Initial Assessment of Desmoid Tumors and Treatment Planning

Dr. Gounder introduces the program focusing on advancing sarcoma care with emphasis on emerging data and evolving treatment strategies for desmoid tumors. He is joined by Dr. Atrayee Basu Mallick and Dr. Nam Bui to discuss latest advances and their implications for patient selection and clinical decision-making.

Dr. Basu Mallick outlines her systematic approach to newly diagnosed desmoid tumor patients, beginning with comprehensive history-taking to identify potential familial adenomatous polyposis connections and physical examination focusing on tumor location and palpability. Critical assessment factors include symptom burden, tumor growth trajectory, and impact on daily living activities.

She emphasizes obtaining objective growth assessments by having patients describe size changes using familiar comparisons like fruit sizes rather than vague descriptors. Both physical and psychological impacts require evaluation, as patients often experience significant anxiety following biopsy-confirmed diagnoses.

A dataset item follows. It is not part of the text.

(* In a generalised differential Seely category, for every morphism $(f,u):(X,A)\to(Y,B)$ of $LS(\mathscr C)$, $\mathrm D_2(⦃(f,u)⦄)=\pi_1^*(\mathrm{id}_X,u);⦃(f,u)⦄^*i^{Y,\mathcal U(B)}_2$, where $\pi_1:X\times\mathcal U(A)\to X$ and $(\mathrm{id}_X,u):(X,A)\to(X,B)$ is regarded as a morphism of the fibre over $X$.
   Context: Composition is diagrammatic; monoidal categories are strict. Setting: an LNL adjunction $\mathcal F\dashv\mathcal U$, $\mathcal F:\mathscr C\to\mathcal L$, between cartesian $(\mathscr C,\times,I)$ and symmetric monoidal $(\mathcal L,\otimes,1)$; $\mathcal U$ lax monoidal via $n_{A,B}:\mathcal U(A)\times\mathcal U(B)\to\mathcal U(A\otimes B)$; $\mathcal F$ strong monoidal via isomorphisms $m_{X,Y}$, $m_1$; unit $\eta$; $\mathbf c_X:=\mathcal F(\Delta_X);m_{X,X}^{-1}$, $\mathbf w_X:=\mathcal F(t_X);m_1^{-1}$. $LS(\mathscr C)$: objects $(X,A)$; morphisms $(f,u):(X,A)\to(Y,B)$ with $f:X\to Y$, $u:\mathcal F(X)\otimes A\to B$; composition $(f,u);(g,v)=(f;g,(\mathbf c_X\otimes\mathrm{id}_A);(\mathcal F(f)\otimes u);v)$; identity $(\mathrm{id}_X,\mathbf w_X\otimes\mathrm{id}_A)$; $\mathbf{ls}(f,u)=f$; fibre over $X$ = morphisms $(\mathrm{id}_X,u)$; reindexing along $h:X'\to X$: $h^*(X,B)=(X',B)$, $h^*(\mathrm{id}_X,v)=(\mathrm{id}_{X'},(\mathcal F(h)\otimes\mathrm{id}_B);v)$. With biproducts $\oplus$ in $\mathcal L$: fibrewise injections $\iota^X_i=(\mathrm{id}_X,\mathbf w_X\otimes\iota_i)$; products in $LS(\mathscr C)$: $(X\times Y,A\oplus B)$ with projections $(\pi_i,\mathbf w_{X\times Y}\otimes\pi_i)$. GDSC: $\mathcal L$ additive (CMon-enriched, $\otimes$ bilinear) with finite products, and a functor $\mathcal T:\mathscr C\to LS(\mathscr C)$ with: (t.1) $\mathbf{ls}\circ\mathcal T=\mathrm{id}$, so $\mathcal T(X)=(X,\lambda(X))$, and $\varphi_{X,Y}:=\langle\mathcal T(\pi_1),\mathcal T(\pi_2)\rangle:\mathcal T(X\times Y)\to(X\times Y,\lambda(X)\oplus\lambda(Y))$ is an isomorphism; (t.2) $\mathcal T(\mathcal U(A))=(\mathcal U(A),A)$; (t.3) with $i^{X,Y}_2:=\iota^{X\times Y}_2;\varphi^{-1}_{X,Y}:(X\times Y,\lambda(Y))\to\mathcal T(X\times Y)$, comprehension $⦃(f,u)⦄:=\langle\pi_1;f,(\eta_X\times\mathrm{id}_{\mathcal U(A)});n_{\mathcal F(X),A};\mathcal U(u)\rangle:X\times\mathcal U(A)\to Y\times\mathcal U(B)$, weakening $W(f,u):=(⦃(f,u)⦄,(\mathcal F(\pi_1)\otimes\mathrm{id}_A);u):(X\times\mathcal U(A),A)\to(Y\times\mathcal U(B),B)$: $W(f,u);i^{Y,\mathcal U(B)}_2=i^{X,\mathcal U(A)}_2;\mathcal T(⦃(f,u)⦄)$. Differential: for $g:X\to Y$ with $\mathcal T(g)=(g,v)$, $\mathrm D(g):=(\mathrm{id}_X,v):(X,\lambda(X))\to(X,\lambda(Y))$. Partial differential: for $g:X\times Y\to Z$, $\mathrm D_2(g):=i^{X,Y}_2;\mathrm D(g):(X\times Y,\lambda(Y))\to(X\times Y,\lambda(Z))$. *)

Set Implicit Arguments.
Unset Strict Implicit.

Key decision-making factors include tumor location (head/neck and mesenteric areas representing high-risk sites), proximity to neurovascular structures, size criteria (tumors exceeding 5 to 6 centimeters having higher likelihood of requiring therapy), and symptom severity. However, shared decision-making remains paramount, with some patients choosing watchful waiting even for progressive disease when asymptomatic.

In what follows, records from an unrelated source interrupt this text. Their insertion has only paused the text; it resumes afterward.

(* For $n\le 7$, the independent locus $U_n$ equals all of $\mathcal{M}_{5,n}\setminus\mathcal{M}_{5,n}^3$.
   Context: Work over an algebraically closed field of characteristic not $2,3,5$. $\mathcal{M}_{5,n}$ is the moduli stack of smooth genus $5$ curves with $n$ distinct ordered marked points, and $\mathcal{M}_{5,n}^k$ is the closed locus of curves of gonality $\le k$. Points of $\mathcal{M}_{5,n}\setminus\mathcal{M}_{5,n}^3$ are curves whose canonical embedding in $\mathbb{P}^4$ is a complete intersection of three quadrics. $U_n$ is the open substack of $\mathcal{M}_{5,n}\setminus\mathcal{M}_{5,n}^3$ where the $n$ marked points, in the canonical embedding $C\subset\mathbb{P}^4$, impose independent conditions on quadrics, i.e. $H^0(\mathbb{P}^4,\mathcal{O}(2))\to\bigoplus_{i=1}^n\mathcal{O}(2)|_{p_i}$ is surjective. *)

From HB Require Import structures.
From mathcomp Require Import all_boot all_order all_algebra.
From mathcomp Require Import mpoly.
Set Implicit Arguments. Unset Strict Implicit. Unset Printing Implicit Defensive.
Import GRing.Theory.
Local Open Scope ring_scope.

(* Homogeneous coordinates on P^4 over K: vectors 'I_5 -> K. *)
Definition nonzero_vec (K : fieldType) (x : 'I_5 -> K) : Prop := exists j, x j != 0.

Definition proj_eq (K : fieldType) (x y : 'I_5 -> K) : Prop :=
  exists a : K, forall j, x j = a * y j.

Definition on_CI (K : fieldType) (Q : 'I_3 -> {mpoly K[5]}) (x : 'I_5 -> K) : Prop :=
  nonzero_vec x /\ forall k, (Q k).@[x] = 0.

Definition jacobian (K : fieldType) (Q : 'I_3 -> {mpoly K[5]}) (x : 'I_5 -> K)
  : 'M[K]_(3, 5) := \matrix_(k < 3, j < 5) (mderiv j (Q k)).@[x].

(* Over an
   algebraically closed field these are exactly the canonical models of smooth
   non-trigonal genus 5 curves. *)
Definition smooth_CI_of_quadrics (K : fieldType) (Q : 'I_3 -> {mpoly K[5]}) : Prop :=
  (forall k, Q k \is 2.-homog) /\
  (forall x, on_CI Q x -> \rank (jacobian Q x) = 3%N).

(* The points impose independent conditions on quadrics:
   H^0(P^4, O(2)) -> (+)_i O(2)|_{p_i} is surjective. *)
Definition independent_on_quadrics (K : fieldType) (n : nat) (p : 'I_n -> 'I_5 -> K)
  : Prop :=
  forall c : 'I_n -> K, exists q : {mpoly K[5]},
    q \is 2.-homog /\ forall i, q.@[p i] = c i.

From HB Require Import structures.
From mathcomp Require Import all_boot all_order all_algebra.
From mathcomp Require Import mpoly.
From mathcomp Require Import ring.
Set Implicit Arguments. Unset Strict Implicit. Unset Printing Implicit Defensive.
Import GRing.Theory.
Local Open Scope ring_scope.

(* Write Q_k(x) = x A_k x^T.  For each marked point p_i we find two
   hyperplanes whose union contains every other marked point but not p_i;
   their product is a quadric separating p_i, and these quadrics interpolate
   arbitrary values.  The at most six other points are split into two triples
   whose spans miss p_i, which is possible because no three marked points are
   collinear and no five are coplanar.  Both facts come from smoothness: a
   line, resp. the conic through five coplanar points, would lie on every Q_k,
   and the Jacobian minor transverse to it has a determinant that is a binary
   form in the parameter of the curve.  Over an algebraically closed field
   this form has a zero, where the Jacobian drops rank. *)

Section QuadraticForm.
Variables (K : fieldType) (n : nat).
Implicit Types (A : 'M[K]_n) (x y z : 'rV[K]_n).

Dr. Bui emphasizes the individualized, case-by-case approach necessary for desmoid tumor management. He notes that up to 20% of tumors may spontaneously regress, though identifying these patients prospectively remains impossible. This uncertainty influences monitoring strategies and treatment timing decisions.

Local therapies like cryoablation have emerged as alternatives to surgery, though patient selection depends heavily on tumor location and anatomical considerations. Both panelists stress the importance of colonoscopy screening for potential familial adenomatous polyposis unless definitive genetic testing excludes APC mutations.